This study found that only about one-third of the respondents had a high level of treatment adherence. Being a farmer, having family support, higher perceived consequences, perceived cyclical nature of hypertension, perceived susceptibility, and perceived severity of the disease had a significant association with treatment adherence.

We collected the data for this study using an interviewer-administered questionnaire, which is a preferred method when conducting a fairly large survey among the community with substantial low literacy levels, to minimize cognitive burden and increase response rate [38]. To minimize social desirability bias to self-reported adherence, we used a standard questionnaire and carefully selected and trained data collectors to conduct the interviews in a nonjudgmental manner. Thus, the adherence level reported in this study is a fair reflection of the practice in the study areas.

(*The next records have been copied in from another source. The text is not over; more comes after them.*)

(* Let $f\in\mathbb{F}_2((T^{-1}))$ be the unique solution with $|f|<1$ of the equation $$X^4+X+\frac{T}{T^4+1}=0.$$ Then $\mu(f)=3$.
   Context: Fix a real $|T|>1$; the absolute value on $\mathbb{F}_2((T^{-1}))$ is $|g|=|T|^{-i_0}$ where $T^{-i_0}$ is the leading term of $g\ne0$, so $|P/Q|=|T|^{\deg P-\deg Q}$. (The equation has exactly one solution in $\{|g|<1\}$.) The irrationality exponent $\mu(f)$ is the supremum of real $\tau$ such that $|f-P/Q|<|Q|^{-\tau}$ has infinitely many solutions $(P,Q)\in\mathbb{F}_2[T]^2$, $Q\ne0$. *)

From HB Require Import structures.
From mathcomp Require Import all_boot all_order all_algebra.
From mathcomp Require Import all_classical all_reals all_analysis.
From mathcomp Require Import zify.
Set Implicit Arguments. Unset Strict Implicit. Unset Printing Implicit Defensive.
Import Order.TTheory GRing.Theory Num.Theory.
Local Open Scope ring_scope.

(* Laurent series in F_2((T^{-1})): coefficient of T^i for i : int,
   with an explicit upper bound beyond which all coefficients vanish. *)
Record laurent := Laurent {
  lcoef : int -> 'F_2 ;
  lbnd : int ;
  lbndP : forall i : int, lbnd < i -> lcoef i = 0 }.

Definition ls_eq (a b : laurent) : Prop := forall i, lcoef a i = lcoef b i.

Lemma ls_add_bnd (a b : laurent) :
  forall i : int, Num.max (lbnd a) (lbnd b) < i -> lcoef a i + lcoef b i = 0.
Proof.
move=> i; rewrite gt_max => /andP[ha hb].
by rewrite (lbndP ha) (lbndP hb) addr0.
Qed.
Definition ls_add (a b : laurent) : laurent :=
  Laurent (@ls_add_bnd a b).

Lemma ls_sub_bnd (a b : laurent) :
  forall i : int, Num.max (lbnd a) (lbnd b) < i -> lcoef a i - lcoef b i = 0.
Proof.
move=> i; rewrite gt_max => /andP[ha hb].
by rewrite (lbndP ha) (lbndP hb) subr0.
Qed.
Definition ls_sub (a b : laurent) : laurent :=
  Laurent (@ls_sub_bnd a b).

(* Cauchy product: coefficient of T^n is sum_{i+j=n} a_i b_j, where only
   i in [n - lbnd b, lbnd a] can contribute. *)
Definition ls_mul_coef (a b : laurent) (n : int) : 'F_2 :=
  \sum_(k < (absz (lbnd a + lbnd b - n)%R).+1)
     lcoef a (lbnd a - k%:Z) * lcoef b (n - lbnd a + k%:Z).

Lemma ls_mul_bnd (a b : laurent) :
  forall n : int, lbnd a + lbnd b < n -> ls_mul_coef a b n = 0.
Proof.
move=> n hn; apply: big1 => k _.
have hb : lbnd b < n - lbnd a + k%:Z by lia.
by rewrite (lbndP hb) mulr0.
Qed.
Definition ls_mul (a b : laurent) : laurent :=
  Laurent (@ls_mul_bnd a b).

Lemma ls_of_poly_bnd (p : {poly 'F_2}) :
  forall i : int, (size p)%:Z < i ->
    (if (0 <= i) then p`_(absz i) else 0) = 0.
Proof.
move=> i hi; case: ifP => // hi0; apply: nth_default.
case: i hi hi0 => // m hi _; rewrite ltz_nat in hi; exact: ltnW.
Qed.
Definition ls_of_poly (p : {poly 'F_2}) : laurent :=
  Laurent (@ls_of_poly_bnd p).

Definition ls_zero : laurent := ls_of_poly 0.

(* absolute value |g| = c^(i0) where T^(i0) is the leading term of g != 0,
   and |0| = 0; written as the max (= sup) of c^i over the support. *)
Definition ls_abs (R : realType) (c : R) (g : laurent) : R :=
  sup [set c ^ i | i in [set i : int | lcoef g i != 0]].

Definition ls_is_quot (g : laurent) (P Q : {poly 'F_2}) : Prop :=
  ls_eq (ls_mul (ls_of_poly Q) g) (ls_of_poly P).

Definition approx_set (R : realType) (c : R) (f : laurent) (tau : R)
  : set ({poly 'F_2} * {poly 'F_2}) :=
  [set PQ | PQ.2 != 0 /\
     exists g, ls_is_quot g PQ.1 PQ.2 /\
       ls_abs c (ls_sub f g) < powR (ls_abs c (ls_of_poly PQ.2)) (- tau)].
(* Let $Q$ be a finite quiver with vertex set $Q_0$ and arrow set $Q_1$, let $k$ be an algebraically closed field of arbitrary characteristic, and let $\Theta,\sigma:\mathbb{Z}Q_0\to\mathbb{Z}$ be linear functions with $\sigma_v>0$ for all $v\in Q_0$. Let $M$ be a finite dimensional representation of $Q$ over $k$ which is not $(\Theta,\sigma)$-semistable. Let $0\subset M_1\subset\cdots\subset M_t\subset M_{t+1}=M$ together with real weights $\Gamma_1<\Gamma_2<\cdots<\Gamma_{t+1}$ be the Kempf filtration of $M$, i.e. the weighted filtration of $M$ by subrepresentations at which the Kempf function $$K(M_\bullet,\Gamma)=\frac{\sum_{i=1}^{t+1}\Gamma_i\,[\Theta(M)\sigma(M^i)-\sigma(M)\Theta(M^i)]}{\sqrt{\sum_{i=1}^{t+1}\sigma(M^i)\Gamma_i^2}},\qquad M^i=M_i/M_{i-1},$$ attains its maximum among all weighted filtrations of $M$ by subrepresentations with strictly increasing real weights. Then the filtration $0\subset M_1\subset\cdots\subset M_{t+1}=M$ is the Harder-Narasimhan filtration of $M$ with respect to $(\Theta,\sigma)$.
   Context: A representation $M$ of $Q$ over $k$ consists of finite dimensional $k$-vector spaces $M_v$ ($v\in Q_0$) and $k$-linear maps $M_\alpha:M_{v_i}\to M_{v_j}$ for each arrow $\alpha:v_i\to v_j$; its dimension vector is $\underline{\dim}M=\sum_v \dim_k M_v\cdot v\in\mathbb{N}Q_0$. Write $\Theta(M)=\sum_v\Theta_v\dim_kM_v$ and $\sigma(M)=\sum_v\sigma_v\dim_kM_v$, and for $M\neq 0$ define the slope $\mu_{(\Theta,\sigma)}(M)=\Theta(M)/\sigma(M)$. $M$ is $(\Theta,\sigma)$-semistable if $\mu_{(\Theta,\sigma)}(M')\le\mu_{(\Theta,\sigma)}(M)$ for all non-zero proper subrepresentations $M'\subset M$. A weighted filtration is a chain of subrepresentations $0\subset M_1\subset\cdots\subset M_{t+1}=M$ with strict inclusions (so each $M^i\neq0$ and $\sigma(M^i)>0$) together with real numbers $\Gamma_1<\cdots<\Gamma_{t+1}$. For an unstable $M$, such a maximizing weighted filtration exists and its filtration is unique (Kempf's theorem, applied to the action of $\prod_v GL(M_v)$ on the representation space with the character $\prod_v\det(g_v)^{\Theta(d)\sigma_v-\sigma(d)\Theta_v}$ and the length $\sqrt{\sum_i\sigma(M^i)\Gamma_i^2}$). The Harder-Narasimhan filtration of $M$ is the unique filtration $0\subset M_1\subset\cdots\subset M_{t+1}=M$ by subrepresentations such that, with $M^i=M_i/M_{i-1}$, one has $\mu_{(\Theta,\sigma)}(M^1)>\mu_{(\Theta,\sigma)}(M^2)>\cdots>\mu_{(\Theta,\sigma)}(M^{t+1})$ and each $M^i$ is $(\Theta,\sigma)$-semistable. *)

From HB Require Import structures.
From mathcomp Require Import all_boot all_order all_algebra.
From mathcomp Require Import Rstruct.
Set Implicit Arguments. Unset Strict Implicit. Unset Printing Implicit Defensive.
Import Order.TTheory GRing.Theory Num.Theory.
Local Open Scope ring_scope.

Section QuiverReps.
Variables (V A : finType) (src tgt : A -> V) (k : fieldType).

(* A representation: dim M_v = rdim v, and for each arrow a : v -> w a k-linear
   map M_a : k^(rdim v) -> k^(rdim w), given as a matrix acting on row vectors
   (x |-> x *m rmap a). *)
Record rep := Rep {
  rdim : V -> nat;
  rmap : forall a : A, 'M[k]_(rdim (src a), rdim (tgt a)) }.

(* A family of subspaces U_v of M_v (the row space of the matrix U v). *)
Definition subfam (M : rep) := forall v : V, 'M[k]_(rdim M v).

Definition is_subrep (M : rep) (U : subfam M) : Prop :=
  forall a : A, (U (src a) *m rmap M a <= U (tgt a))%MS.

Definition sub_le (M : rep) (U W : subfam M) : Prop := forall v, (U v <= W v)%MS.
Definition sub_lt (M : rep) (U W : subfam M) : Prop := sub_le U W /\ ~ sub_le W U.

Definition zero_sub (M : rep) : subfam M := fun v => 0.
Definition full_sub (M : rep) : subfam M := fun v => 1%:M.

(* For U <= W, the linear function c : Z Q_0 -> Z evaluated at the dimension
   vector of the subquotient W/U. *)
Definition sq_lin (M : rep) (c : V -> int) (U W : subfam M) : int :=
  \sum_(v : V) c v * ((\rank (W v))%:Z - (\rank (U v))%:Z).

Definition sq_slope (M : rep) (Th sg : V -> int) (U W : subfam M) : Rdefinitions.R :=
  (sq_lin Th U W)%:~R / (sq_lin sg U W)%:~R.

(* (Theta,sigma)-semistability of the subquotient representation W/U (U <= W
   subrepresentations of M): subrepresentations of W/U are G/U with U <= G <= W,
   G a subrepresentation of M; non-zero proper means U < G < W. *)
Definition semistable_sq (M : rep) (Th sg : V -> int) (U W : subfam M) : Prop :=
  forall G : subfam M, is_subrep G -> sub_lt U G -> sub_lt G W ->
    sq_slope Th sg U G <= sq_slope Th sg U W.

Definition semistable (M : rep) (Th sg : V -> int) : Prop :=
  semistable_sq Th sg (zero_sub M) (full_sub M).

(* A filtration 0 = F 0 < F 1 < ... < F n = M by subrepresentations with strict
   inclusions (n = t+1 >= 1). *)
Definition filtration (M : rep) (n : nat) (F : nat -> subfam M) : Prop :=
  [/\ (0 < n)%N,
      (forall i, (i <= n)%N -> is_subrep (F i)),
      sub_le (F 0%N) (zero_sub M),
      sub_le (full_sub M) (F n) &
      (forall i, (i < n)%N -> sub_lt (F i) (F i.+1))].

Definition weighted_filtration (M : rep) (n : nat) (F : nat -> subfam M)
    (Ga : nat -> Rdefinitions.R) : Prop :=
  filtration n F /\ (forall i, (1 <= i < n)%N -> Ga i < Ga i.+1).

Definition kempf (M : rep) (Th sg : V -> int) (n : nat) (F : nat -> subfam M)
    (Ga : nat -> Rdefinitions.R) : Rdefinitions.R :=
  (\sum_(1 <= i < n.+1)
      Ga i * ((sq_lin Th (zero_sub M) (full_sub M))%:~R
                * (sq_lin sg (F i.-1) (F i))%:~R
              - (sq_lin sg (zero_sub M) (full_sub M))%:~R
                * (sq_lin Th (F i.-1) (F i))%:~R))
  / Num.sqrt (\sum_(1 <= i < n.+1) (sq_lin sg (F i.-1) (F i))%:~R * Ga i ^+ 2).

Definition is_HN_filtration (M : rep) (Th sg : V -> int) (n : nat)
    (F : nat -> subfam M) : Prop :=
  [/\ filtration n F,
      (forall i, (1 <= i < n)%N ->
         sq_slope Th sg (F i.-1) (F i) > sq_slope Th sg (F i) (F i.+1)) &
      (forall i, (1 <= i <= n)%N -> semistable_sq Th sg (F i.-1) (F i))].

End QuiverReps.

From HB Require Import structures.
From mathcomp Require Import all_boot all_order all_algebra.
From mathcomp Require Import Rstruct.
From mathcomp Require Import ring lra zify.
Import Order.TTheory GRing.Theory Num.Theory.
Set Implicit Arguments. Unset Strict Implicit. Unset Printing Implicit Defensive.
Local Open Scope ring_scope.

(* The Kempf function of a weighted filtration is the ratio <Ga, a> / |Ga|_d, where
   d_i = sigma(M^i), a_i = Theta(M) sigma(M^i) - sigma(M) Theta(M^i) and
   |Ga|_d^2 = sum_i d_i Ga_i^2.  Instability makes its maximum positive.  Moving the
   weights a little towards the vector (a_i / d_i) keeps them increasing and, by
   Cauchy-Schwarz, strictly increases the ratio unless Ga is already a positive multiple
   of that vector; hence Ga_i = c (Theta(M) - sigma(M) mu(M^i)) and increasing weights
   mean decreasing slopes.  If some M^i had a subrepresentation of larger slope,
   inserting it into the filtration and splitting Ga_i slightly would raise the
   numerator to first order and the squared denominator only to second order,
   contradicting maximality. *)

Section RatioAlgebra.
Variable R : rcfType.

Lemma exists_small_gt0 (I : eqType) (r : seq I) (x y : I -> R) :
  {in r, forall j, 0 < y j} -> exists2 e : R, 0 < e & {in r, forall j, e * x j < y j}.
Proof.
move=> y_gt0.
suff [e e_gt0 He] : exists2 e : R, 0 < e & {in r, forall j, e * `|x j| < y j}.
  exists e => // j jr; apply: le_lt_trans (He j jr).
  by rewrite ler_pM2l // ler_norm.
elim: r y_gt0 => [|j0 r IH] y_gt0; first by exists 1.
have [e e_gt0 He] : exists2 e : R, 0 < e & {in r, forall j, e * `|x j| < y j}.
  by apply: IH => j jr; apply: y_gt0; rewrite inE jr orbT.
have y0_gt0 := y_gt0 j0 (mem_head _ _).
have x0_gt0 : 0 < `|x j0| + 1 by rewrite ltr_wpDl.
exists (Order.min e (y j0 / (`|x j0| + 1))); first by rewrite lt_min e_gt0 divr_gt0.
move=> j; rewrite inE => /predU1P [-> | jr].
- apply: (@le_lt_trans _ _ (y j0 / (`|x j0| + 1) * `|x j0|)).
    by rewrite ler_wpM2r // ge_min lexx orbT.
  by rewrite mulrAC ltr_pdivrMr // mulrDr mulr1 ltrDl.
- by apply: le_lt_trans (He j jr); rewrite ler_wpM2r // ge_min lexx.
Qed.

Lemma ltr_frac (p q r s : R) : 0 < q -> 0 < s -> (p / q < r / s) = (p * s < r * q).
Proof. by move=> q_gt0 s_gt0; rewrite ltr_pdivrMr // mulrAC ltr_pdivlMr. Qed.

Lemma ltr_div_sqrt (N D N' D' : R) : 0 < N -> 0 < D -> 0 < N' -> 0 < D' ->
  N ^+ 2 * D' < N' ^+ 2 * D -> N / Num.sqrt D < N' / Num.sqrt D'.
Proof.
move=> N_gt0 D_gt0 N'_gt0 D'_gt0 ltND.
rewrite ltr_frac ?sqrtr_gt0 // -(@ltr_pXn2r _ 2) //; last 2 first.
- by rewrite nnegrE mulr_ge0 ?sqrtr_ge0 ?ltW.
- by rewrite nnegrE mulr_ge0 ?sqrtr_ge0 ?ltW.
by rewrite !exprMn !sqr_sqrtr ?ltW.
Qed.

Lemma div_sqrt_gt0 (N D : R) : 0 <= D -> 0 < N / Num.sqrt D -> 0 < N /\ 0 < D.
Proof.
move=> D_ge0 ND_gt0.
have D_gt0 : 0 < D.
  rewrite lt_def D_ge0 andbT; apply: contraTneq ND_gt0 => ->.
  by rewrite sqrtr0 invr0 mulr0 ltxx.
by move: ND_gt0; rewrite pmulr_lgt0 ?invr_gt0 ?sqrtr_gt0.
Qed.

Lemma ltr_div_sqrt_step (N D P Q e : R) :
  0 < N -> 0 < D -> 0 < P -> 0 < Q -> 0 < e -> e * (N * Q) < P * D ->
  N / Num.sqrt D < (N + e * P) / Num.sqrt (D + e ^+ 2 * Q).
Proof.
move=> N_gt0 D_gt0 P_gt0 Q_gt0 e_gt0 small_e.
apply: ltr_div_sqrt => //; rewrite ?addr_gt0 ?mulr_gt0 ?exprn_gt0 //.
have : e * N * (e * (N * Q)) < e * N * (P * D) by rewrite ltr_pM2l ?mulr_gt0.
have : 0 < e * P * (e * P * D) by rewrite !mulr_gt0.
have : 0 < e * N * (P * D) by rewrite !mulr_gt0.
nra.
Qed.

Definition kempf_ratio (n : nat) (d a G : nat -> R) : R :=
  (\sum_(1 <= i < n.+1) G i * a i) / Num.sqrt (\sum_(1 <= i < n.+1) d i * G i ^+ 2).

Section Shift.
Variables (n : nat) (d a G : nat -> R).
Hypothesis d_gt0 : forall i, (1 <= i < n.+1)%N -> 0 < d i.

Let N := \sum_(1 <= i < n.+1) G i * a i.
Let D := \sum_(1 <= i < n.+1) d i * G i ^+ 2.
Let B := \sum_(1 <= i < n.+1) a i / d i * a i.

Lemma sum_shift_mul (t : R) :
  \sum_(1 <= i < n.+1) (G i + t * (a i / d i)) * a i = N + t * B.
Proof.
rewrite /N /B mulr_sumr -big_split; apply: eq_big_nat => i _ /=; ring.
Qed.

Lemma sum_shift_sqr (t : R) :
  \sum_(1 <= i < n.+1) d i * (G i + t * (a i / d i)) ^+ 2
  = D + 2 * t * N + t ^+ 2 * B.
Proof.
rewrite /D /N /B !mulr_sumr -!big_split; apply: eq_big_nat => i i_in /=.
by field; rewrite gt_eqF ?d_gt0.
Qed.

Lemma sum_shift_sqr_ge0 (t : R) :
  0 <= \sum_(1 <= i < n.+1) d i * (G i + t * (a i / d i)) ^+ 2.
Proof.
rewrite big_nat_cond; apply: sumr_ge0 => i /andP [i_in _].
by rewrite mulr_ge0 ?sqr_ge0 ?ltW ?d_gt0.
Qed.

Lemma kempf_ratio_gt0 : 0 < kempf_ratio n d a G -> 0 < N /\ 0 < D.
Proof.
apply: div_sqrt_gt0; have := sum_shift_sqr_ge0 0.
by rewrite sum_shift_sqr mulr0 mul0r addr0 expr0n mul0r addr0.
Qed.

In our study, higher adherence to hypertensive medication as measured by MMAS-8 was only 36.0%, which is comparable to several reports from low- and middle-income countries [3943]. However, it is lower than some other studies in Ethiopia such as that reported from Gondar hospital, 64.6% [28], Jimma Hospital, 55.7% [30], in selected hospitals of Addis Ababa, 66.8% [32], and Tikur Anbessa hospital in Addis Ababa, 69.2% [31]. The possible reasons for this difference could be variations in the population groups and cutoff points to adherence between the studies. Another explanation might be due to differences in the study population characteristics, differences in sample size, and the area covered by the research. The present study covered larger areas compared to the above studies. This low level of adherence can be averted by providing patients with meaningful information or health education about treatment adherence.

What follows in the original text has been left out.